Exercise objective:
Give back exactly the lines of the material below, starting with the line with "elim: k => [|k [l [s [U A S P]]]]." and going on through the line with "apply/negP; rewrite -ltnNge; apply/card_gt1P.".

Information:

::::::::

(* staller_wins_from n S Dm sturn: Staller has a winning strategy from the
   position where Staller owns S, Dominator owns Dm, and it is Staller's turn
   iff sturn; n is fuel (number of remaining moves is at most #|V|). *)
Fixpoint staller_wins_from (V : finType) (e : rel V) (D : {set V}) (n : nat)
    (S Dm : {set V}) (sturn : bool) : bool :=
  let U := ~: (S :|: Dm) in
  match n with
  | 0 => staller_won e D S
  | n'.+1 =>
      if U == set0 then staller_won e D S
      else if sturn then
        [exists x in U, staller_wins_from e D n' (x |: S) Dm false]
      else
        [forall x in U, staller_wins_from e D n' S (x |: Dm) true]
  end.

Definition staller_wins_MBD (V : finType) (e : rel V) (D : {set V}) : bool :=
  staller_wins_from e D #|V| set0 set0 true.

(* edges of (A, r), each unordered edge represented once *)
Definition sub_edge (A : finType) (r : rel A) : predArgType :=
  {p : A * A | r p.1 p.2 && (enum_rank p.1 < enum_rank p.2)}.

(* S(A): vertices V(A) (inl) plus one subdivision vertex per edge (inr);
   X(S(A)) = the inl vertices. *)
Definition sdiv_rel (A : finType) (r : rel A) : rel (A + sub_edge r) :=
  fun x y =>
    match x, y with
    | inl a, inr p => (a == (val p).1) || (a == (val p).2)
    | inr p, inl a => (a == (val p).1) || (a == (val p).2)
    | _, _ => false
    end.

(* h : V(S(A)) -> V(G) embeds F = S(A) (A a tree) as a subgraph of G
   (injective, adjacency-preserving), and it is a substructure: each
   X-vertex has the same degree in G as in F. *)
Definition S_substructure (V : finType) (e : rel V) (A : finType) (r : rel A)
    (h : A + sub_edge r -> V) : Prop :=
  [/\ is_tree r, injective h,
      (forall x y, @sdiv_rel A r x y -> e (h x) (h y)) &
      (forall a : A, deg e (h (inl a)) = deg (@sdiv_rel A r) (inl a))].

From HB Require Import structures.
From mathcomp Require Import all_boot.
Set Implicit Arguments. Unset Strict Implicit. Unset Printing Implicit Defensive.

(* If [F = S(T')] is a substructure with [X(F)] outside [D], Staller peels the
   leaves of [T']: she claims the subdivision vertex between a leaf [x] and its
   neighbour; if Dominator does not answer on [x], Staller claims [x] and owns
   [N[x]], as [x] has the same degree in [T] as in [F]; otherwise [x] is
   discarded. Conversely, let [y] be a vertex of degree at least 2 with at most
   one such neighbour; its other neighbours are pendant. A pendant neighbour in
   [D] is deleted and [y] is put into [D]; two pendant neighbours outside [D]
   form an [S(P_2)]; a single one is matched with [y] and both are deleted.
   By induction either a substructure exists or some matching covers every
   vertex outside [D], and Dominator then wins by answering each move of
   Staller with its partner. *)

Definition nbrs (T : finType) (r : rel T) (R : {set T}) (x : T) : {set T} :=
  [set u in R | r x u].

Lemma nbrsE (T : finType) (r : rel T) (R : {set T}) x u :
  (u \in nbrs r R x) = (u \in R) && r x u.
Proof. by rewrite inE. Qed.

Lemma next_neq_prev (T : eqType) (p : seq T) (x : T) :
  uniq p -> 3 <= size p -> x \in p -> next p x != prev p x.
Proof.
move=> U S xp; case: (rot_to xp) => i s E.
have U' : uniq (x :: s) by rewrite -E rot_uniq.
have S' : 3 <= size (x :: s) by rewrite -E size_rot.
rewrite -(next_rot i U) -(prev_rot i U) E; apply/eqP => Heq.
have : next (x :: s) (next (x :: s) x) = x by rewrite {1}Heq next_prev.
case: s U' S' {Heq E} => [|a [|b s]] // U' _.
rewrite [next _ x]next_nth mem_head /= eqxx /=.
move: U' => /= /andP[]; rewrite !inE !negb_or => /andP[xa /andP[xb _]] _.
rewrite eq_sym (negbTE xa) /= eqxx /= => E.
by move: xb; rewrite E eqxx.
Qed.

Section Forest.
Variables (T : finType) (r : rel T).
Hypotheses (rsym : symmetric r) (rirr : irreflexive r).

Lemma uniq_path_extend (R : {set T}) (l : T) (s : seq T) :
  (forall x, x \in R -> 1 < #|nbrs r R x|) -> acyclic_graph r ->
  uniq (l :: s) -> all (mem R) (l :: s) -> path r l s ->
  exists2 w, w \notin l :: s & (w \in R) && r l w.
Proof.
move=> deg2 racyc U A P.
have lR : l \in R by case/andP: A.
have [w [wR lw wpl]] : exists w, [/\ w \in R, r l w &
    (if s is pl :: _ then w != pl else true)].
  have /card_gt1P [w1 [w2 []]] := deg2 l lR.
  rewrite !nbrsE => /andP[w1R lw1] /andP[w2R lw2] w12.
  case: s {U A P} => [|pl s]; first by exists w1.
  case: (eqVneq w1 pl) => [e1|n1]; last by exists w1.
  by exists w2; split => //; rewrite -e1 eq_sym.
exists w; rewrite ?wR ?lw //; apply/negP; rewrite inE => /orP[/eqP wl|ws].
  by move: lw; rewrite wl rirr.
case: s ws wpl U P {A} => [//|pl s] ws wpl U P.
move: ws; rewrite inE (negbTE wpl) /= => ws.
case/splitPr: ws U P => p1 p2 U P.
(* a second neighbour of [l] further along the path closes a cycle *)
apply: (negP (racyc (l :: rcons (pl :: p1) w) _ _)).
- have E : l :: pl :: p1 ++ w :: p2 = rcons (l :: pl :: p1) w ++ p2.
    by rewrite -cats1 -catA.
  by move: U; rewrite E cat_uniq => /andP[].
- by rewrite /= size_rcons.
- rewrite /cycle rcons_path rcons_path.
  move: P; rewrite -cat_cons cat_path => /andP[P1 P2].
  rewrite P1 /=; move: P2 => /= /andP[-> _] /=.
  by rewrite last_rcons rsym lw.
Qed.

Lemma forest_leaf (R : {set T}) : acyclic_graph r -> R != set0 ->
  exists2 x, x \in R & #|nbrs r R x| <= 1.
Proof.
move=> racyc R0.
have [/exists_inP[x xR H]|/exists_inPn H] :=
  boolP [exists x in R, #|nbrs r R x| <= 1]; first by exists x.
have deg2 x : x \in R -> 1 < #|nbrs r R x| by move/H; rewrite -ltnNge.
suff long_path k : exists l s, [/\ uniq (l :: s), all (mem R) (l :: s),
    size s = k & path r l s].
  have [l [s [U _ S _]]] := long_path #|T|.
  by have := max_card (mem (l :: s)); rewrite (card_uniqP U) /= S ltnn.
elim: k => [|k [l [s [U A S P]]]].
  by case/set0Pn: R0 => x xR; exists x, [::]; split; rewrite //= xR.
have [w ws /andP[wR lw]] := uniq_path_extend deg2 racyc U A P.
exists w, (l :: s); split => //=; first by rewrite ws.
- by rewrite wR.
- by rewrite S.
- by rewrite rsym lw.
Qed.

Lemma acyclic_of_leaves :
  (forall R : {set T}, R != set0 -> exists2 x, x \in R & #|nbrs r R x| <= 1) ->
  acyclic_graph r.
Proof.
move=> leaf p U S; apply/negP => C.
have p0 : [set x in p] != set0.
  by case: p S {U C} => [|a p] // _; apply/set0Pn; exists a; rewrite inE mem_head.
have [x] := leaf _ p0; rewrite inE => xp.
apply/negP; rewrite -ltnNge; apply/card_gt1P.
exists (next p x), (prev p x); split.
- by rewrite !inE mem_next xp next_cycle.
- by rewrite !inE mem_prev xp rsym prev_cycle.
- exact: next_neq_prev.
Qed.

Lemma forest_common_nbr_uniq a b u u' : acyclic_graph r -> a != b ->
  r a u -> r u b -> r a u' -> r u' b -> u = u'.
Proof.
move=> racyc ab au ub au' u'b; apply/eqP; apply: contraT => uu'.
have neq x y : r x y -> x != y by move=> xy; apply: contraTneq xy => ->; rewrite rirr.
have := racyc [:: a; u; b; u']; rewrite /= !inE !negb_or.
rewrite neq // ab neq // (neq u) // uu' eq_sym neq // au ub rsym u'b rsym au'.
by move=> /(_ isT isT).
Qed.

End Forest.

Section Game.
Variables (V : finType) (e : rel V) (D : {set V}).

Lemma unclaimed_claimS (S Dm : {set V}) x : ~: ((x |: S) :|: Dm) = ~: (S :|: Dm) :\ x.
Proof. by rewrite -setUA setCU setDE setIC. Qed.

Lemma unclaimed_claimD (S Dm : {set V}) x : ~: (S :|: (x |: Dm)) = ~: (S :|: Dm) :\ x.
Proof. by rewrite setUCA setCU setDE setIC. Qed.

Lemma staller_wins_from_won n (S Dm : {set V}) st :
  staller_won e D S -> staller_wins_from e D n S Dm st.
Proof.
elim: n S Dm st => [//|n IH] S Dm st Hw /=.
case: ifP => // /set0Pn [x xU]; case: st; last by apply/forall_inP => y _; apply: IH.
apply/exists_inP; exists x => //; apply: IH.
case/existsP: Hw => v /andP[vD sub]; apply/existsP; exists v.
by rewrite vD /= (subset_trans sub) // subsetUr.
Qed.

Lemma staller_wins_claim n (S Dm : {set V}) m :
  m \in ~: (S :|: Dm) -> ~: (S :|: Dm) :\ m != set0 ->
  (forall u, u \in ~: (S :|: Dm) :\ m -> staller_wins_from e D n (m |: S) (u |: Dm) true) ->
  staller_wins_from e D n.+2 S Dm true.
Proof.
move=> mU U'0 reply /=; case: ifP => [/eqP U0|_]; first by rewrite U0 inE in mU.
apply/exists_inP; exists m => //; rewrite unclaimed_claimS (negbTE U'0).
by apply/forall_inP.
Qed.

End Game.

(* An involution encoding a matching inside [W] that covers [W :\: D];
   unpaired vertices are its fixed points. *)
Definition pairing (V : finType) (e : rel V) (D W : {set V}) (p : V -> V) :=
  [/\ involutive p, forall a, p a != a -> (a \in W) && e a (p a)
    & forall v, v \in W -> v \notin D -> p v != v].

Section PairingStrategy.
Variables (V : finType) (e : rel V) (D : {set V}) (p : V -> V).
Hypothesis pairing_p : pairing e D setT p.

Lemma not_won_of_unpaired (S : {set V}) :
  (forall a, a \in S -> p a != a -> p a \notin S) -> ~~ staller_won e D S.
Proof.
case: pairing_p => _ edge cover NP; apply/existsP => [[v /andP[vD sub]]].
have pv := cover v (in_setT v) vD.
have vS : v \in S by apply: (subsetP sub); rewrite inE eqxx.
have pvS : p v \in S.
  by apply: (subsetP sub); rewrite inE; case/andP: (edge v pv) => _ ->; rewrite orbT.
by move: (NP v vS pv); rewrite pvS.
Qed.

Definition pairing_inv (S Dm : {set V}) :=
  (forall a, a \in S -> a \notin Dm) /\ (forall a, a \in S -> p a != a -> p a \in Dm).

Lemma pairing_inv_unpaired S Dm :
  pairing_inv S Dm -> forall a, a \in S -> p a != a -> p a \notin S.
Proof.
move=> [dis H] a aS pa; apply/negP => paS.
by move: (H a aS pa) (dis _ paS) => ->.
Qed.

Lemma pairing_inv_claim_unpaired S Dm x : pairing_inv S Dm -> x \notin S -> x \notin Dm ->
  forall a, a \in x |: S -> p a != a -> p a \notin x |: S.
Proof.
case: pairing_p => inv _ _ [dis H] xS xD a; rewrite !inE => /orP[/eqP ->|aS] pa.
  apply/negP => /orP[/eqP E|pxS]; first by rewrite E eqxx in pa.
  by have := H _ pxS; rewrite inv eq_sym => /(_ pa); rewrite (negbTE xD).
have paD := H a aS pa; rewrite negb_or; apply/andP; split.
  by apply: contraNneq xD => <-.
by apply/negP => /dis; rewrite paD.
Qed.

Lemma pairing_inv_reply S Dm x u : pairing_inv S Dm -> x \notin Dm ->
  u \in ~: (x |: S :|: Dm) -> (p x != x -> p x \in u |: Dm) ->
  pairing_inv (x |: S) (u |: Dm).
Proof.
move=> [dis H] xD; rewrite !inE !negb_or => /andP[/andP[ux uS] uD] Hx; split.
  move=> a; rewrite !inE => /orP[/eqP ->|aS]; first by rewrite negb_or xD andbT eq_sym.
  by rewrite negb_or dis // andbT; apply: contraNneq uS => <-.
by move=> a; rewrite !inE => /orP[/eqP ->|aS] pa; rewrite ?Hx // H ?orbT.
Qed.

::::::::

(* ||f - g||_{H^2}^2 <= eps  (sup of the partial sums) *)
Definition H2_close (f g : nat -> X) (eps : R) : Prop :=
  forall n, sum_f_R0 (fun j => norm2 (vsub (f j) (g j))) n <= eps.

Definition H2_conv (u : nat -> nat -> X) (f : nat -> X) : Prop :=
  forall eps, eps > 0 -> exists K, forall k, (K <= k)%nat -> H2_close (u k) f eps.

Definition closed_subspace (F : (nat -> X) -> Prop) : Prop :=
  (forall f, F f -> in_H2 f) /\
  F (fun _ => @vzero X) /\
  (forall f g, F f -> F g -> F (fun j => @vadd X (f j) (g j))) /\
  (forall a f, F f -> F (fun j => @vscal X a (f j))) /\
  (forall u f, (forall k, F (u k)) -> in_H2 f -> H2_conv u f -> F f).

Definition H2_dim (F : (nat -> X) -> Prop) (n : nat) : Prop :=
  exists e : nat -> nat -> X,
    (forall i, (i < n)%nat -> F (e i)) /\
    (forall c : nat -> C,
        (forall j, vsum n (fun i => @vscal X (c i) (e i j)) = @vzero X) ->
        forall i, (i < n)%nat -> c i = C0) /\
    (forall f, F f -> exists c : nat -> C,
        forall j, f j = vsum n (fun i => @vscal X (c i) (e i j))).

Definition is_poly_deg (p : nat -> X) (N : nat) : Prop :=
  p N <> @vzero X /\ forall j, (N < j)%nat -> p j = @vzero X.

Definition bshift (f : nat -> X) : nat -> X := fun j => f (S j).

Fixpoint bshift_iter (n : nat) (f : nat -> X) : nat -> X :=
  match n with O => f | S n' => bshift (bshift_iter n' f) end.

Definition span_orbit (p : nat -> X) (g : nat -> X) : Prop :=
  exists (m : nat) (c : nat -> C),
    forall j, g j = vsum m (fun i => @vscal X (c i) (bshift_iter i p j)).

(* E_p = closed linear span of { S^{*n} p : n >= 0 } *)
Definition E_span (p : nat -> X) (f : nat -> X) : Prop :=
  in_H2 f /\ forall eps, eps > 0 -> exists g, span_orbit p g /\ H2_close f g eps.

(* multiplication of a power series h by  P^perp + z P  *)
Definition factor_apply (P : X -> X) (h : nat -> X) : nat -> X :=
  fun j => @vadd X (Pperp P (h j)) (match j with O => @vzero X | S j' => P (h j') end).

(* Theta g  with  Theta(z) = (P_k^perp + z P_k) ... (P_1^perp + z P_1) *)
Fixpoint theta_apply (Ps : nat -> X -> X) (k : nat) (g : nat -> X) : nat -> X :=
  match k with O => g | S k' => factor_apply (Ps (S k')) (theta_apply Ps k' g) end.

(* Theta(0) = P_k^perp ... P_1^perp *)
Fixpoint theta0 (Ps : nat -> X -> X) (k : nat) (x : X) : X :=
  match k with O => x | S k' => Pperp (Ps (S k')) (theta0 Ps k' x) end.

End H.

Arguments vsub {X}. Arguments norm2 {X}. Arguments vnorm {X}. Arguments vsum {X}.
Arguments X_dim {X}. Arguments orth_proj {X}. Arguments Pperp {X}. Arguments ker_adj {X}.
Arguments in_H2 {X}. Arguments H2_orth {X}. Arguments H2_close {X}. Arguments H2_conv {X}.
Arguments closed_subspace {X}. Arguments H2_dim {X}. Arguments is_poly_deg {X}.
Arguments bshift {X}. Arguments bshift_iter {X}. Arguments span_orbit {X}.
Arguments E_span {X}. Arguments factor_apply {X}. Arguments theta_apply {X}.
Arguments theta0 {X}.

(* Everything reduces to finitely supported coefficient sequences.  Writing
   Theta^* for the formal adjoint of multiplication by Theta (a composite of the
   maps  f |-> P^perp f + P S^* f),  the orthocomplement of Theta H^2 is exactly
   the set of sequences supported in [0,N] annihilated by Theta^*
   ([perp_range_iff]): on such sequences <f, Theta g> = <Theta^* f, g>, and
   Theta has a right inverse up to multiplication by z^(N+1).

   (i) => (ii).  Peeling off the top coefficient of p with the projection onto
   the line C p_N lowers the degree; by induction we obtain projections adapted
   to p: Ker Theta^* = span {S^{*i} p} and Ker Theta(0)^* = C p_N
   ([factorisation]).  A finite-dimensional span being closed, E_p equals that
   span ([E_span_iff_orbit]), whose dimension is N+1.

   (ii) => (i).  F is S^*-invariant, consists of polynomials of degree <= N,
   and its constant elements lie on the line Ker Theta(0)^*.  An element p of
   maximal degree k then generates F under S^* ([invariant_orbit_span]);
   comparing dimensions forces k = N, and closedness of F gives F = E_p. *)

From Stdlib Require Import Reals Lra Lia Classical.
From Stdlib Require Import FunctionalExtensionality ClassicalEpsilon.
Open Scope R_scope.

::::::::

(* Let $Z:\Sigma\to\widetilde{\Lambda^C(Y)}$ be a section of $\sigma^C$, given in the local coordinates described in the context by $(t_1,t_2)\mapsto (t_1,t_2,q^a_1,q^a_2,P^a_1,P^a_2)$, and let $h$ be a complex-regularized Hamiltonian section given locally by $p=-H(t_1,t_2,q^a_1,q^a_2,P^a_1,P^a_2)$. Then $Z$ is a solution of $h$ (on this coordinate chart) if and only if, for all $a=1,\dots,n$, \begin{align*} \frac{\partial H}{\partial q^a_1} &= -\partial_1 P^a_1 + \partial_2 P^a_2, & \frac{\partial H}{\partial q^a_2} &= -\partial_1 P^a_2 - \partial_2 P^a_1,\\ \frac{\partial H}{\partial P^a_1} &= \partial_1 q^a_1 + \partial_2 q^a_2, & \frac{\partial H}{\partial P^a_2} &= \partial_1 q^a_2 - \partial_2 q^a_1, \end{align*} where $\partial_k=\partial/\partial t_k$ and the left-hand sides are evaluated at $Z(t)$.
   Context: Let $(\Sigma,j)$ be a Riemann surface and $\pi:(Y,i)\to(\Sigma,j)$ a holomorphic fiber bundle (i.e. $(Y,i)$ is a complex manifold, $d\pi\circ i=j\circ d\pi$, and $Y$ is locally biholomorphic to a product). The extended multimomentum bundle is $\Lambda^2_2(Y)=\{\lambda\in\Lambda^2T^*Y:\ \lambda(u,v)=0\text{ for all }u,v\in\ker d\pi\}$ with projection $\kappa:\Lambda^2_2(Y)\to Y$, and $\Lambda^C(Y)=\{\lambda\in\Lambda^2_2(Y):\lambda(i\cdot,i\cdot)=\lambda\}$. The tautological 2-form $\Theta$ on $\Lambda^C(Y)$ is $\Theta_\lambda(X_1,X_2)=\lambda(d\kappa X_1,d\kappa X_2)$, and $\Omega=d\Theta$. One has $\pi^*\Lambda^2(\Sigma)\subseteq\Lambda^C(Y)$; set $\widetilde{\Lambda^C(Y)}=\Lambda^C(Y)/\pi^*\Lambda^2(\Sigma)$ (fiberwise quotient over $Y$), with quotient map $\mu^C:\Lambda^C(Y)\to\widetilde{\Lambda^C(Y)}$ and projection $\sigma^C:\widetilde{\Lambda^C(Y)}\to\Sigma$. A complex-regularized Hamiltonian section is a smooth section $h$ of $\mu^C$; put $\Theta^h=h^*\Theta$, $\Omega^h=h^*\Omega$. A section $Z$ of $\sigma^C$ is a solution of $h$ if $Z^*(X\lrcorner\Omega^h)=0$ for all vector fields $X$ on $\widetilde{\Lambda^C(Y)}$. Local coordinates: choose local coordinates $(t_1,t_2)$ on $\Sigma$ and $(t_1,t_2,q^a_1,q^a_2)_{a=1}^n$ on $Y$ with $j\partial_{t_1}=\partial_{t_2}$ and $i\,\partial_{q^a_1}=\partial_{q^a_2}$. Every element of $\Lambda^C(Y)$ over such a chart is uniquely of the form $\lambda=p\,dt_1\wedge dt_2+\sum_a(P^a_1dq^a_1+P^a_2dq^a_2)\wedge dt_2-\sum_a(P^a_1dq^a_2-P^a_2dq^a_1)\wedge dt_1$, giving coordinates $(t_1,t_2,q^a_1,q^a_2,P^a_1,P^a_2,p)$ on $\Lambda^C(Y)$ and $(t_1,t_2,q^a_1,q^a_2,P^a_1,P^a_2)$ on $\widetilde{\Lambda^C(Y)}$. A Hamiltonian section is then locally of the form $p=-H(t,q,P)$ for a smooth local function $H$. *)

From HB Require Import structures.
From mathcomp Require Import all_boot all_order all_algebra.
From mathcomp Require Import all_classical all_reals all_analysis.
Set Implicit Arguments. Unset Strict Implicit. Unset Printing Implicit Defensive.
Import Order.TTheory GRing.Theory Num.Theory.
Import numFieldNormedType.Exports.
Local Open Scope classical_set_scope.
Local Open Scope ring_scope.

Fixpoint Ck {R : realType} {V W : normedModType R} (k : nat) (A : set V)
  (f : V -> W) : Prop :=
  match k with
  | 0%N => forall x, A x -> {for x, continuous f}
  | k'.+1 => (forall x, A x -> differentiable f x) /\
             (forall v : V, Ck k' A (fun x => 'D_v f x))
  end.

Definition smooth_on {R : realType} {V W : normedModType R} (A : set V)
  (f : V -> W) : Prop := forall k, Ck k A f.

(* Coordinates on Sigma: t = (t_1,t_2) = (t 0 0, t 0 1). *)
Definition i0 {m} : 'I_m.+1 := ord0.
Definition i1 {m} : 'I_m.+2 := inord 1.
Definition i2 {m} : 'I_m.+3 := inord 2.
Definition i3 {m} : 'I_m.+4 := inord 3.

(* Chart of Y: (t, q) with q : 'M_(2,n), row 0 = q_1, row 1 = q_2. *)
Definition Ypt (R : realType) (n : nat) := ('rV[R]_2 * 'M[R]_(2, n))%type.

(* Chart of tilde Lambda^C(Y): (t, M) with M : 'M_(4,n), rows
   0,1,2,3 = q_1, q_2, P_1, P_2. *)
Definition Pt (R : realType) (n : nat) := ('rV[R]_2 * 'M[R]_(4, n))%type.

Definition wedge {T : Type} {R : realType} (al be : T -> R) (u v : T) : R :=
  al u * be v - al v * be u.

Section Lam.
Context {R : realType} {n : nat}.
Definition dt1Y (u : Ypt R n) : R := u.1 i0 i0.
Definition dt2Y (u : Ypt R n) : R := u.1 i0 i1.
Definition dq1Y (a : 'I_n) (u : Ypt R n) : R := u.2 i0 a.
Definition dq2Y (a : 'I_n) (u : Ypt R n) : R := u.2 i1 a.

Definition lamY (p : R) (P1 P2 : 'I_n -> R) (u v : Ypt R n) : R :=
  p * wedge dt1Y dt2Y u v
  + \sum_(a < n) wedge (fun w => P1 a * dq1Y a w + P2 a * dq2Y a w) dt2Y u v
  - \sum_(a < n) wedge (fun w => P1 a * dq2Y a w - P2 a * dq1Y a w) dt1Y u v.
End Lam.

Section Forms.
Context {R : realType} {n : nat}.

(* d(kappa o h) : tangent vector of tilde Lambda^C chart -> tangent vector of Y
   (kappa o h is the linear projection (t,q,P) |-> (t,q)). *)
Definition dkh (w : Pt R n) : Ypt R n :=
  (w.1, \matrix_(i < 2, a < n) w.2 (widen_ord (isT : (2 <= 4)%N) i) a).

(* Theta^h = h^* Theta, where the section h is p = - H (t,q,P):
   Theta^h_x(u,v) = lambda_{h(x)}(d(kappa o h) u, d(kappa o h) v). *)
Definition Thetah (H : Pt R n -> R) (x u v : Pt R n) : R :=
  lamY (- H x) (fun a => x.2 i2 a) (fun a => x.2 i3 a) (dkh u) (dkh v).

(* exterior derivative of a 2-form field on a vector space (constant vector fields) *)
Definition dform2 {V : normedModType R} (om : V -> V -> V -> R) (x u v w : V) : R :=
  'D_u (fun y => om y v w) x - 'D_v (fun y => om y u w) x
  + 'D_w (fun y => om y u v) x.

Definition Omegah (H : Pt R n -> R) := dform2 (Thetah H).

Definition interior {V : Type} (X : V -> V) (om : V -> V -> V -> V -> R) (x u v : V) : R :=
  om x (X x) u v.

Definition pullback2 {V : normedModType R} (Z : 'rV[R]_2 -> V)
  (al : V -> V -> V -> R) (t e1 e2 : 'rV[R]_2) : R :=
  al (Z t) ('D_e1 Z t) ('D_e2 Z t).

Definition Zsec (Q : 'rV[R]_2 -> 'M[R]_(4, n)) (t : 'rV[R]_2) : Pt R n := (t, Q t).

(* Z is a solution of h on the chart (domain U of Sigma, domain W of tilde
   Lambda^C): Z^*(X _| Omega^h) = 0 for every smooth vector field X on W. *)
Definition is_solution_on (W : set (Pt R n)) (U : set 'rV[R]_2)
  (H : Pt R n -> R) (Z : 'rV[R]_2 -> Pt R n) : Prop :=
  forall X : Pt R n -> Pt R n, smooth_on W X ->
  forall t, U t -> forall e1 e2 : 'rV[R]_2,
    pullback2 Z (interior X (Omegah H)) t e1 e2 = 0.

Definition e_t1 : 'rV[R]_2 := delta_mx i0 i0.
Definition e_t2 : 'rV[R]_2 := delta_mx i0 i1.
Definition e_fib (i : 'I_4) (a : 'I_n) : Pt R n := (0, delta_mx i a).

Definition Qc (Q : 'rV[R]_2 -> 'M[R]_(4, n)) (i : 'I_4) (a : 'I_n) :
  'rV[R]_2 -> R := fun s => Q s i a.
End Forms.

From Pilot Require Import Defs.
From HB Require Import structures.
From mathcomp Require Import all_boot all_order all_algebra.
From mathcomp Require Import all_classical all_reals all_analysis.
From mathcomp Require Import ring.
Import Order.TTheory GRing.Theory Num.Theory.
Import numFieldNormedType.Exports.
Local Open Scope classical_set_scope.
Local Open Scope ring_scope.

::::::::

Answer to this task:
elim: k => [|k [l [s [U A S P]]]].
  by case/set0Pn: R0 => x xR; exists x, [::]; split; rewrite //= xR.
have [w ws /andP[wR lw]] := uniq_path_extend deg2 racyc U A P.
exists w, (l :: s); split => //=; first by rewrite ws.
- by rewrite wR.
- by rewrite S.
- by rewrite rsym lw.
Qed.

Lemma acyclic_of_leaves :
  (forall R : {set T}, R != set0 -> exists2 x, x \in R & #|nbrs r R x| <= 1) ->
  acyclic_graph r.
Proof.
move=> leaf p U S; apply/negP => C.
have p0 : [set x in p] != set0.
  by case: p S {U C} => [|a p] // _; apply/set0Pn; exists a; rewrite inE mem_head.
have [x] := leaf _ p0; rewrite inE => xp.
apply/negP; rewrite -ltnNge; apply/card_gt1P.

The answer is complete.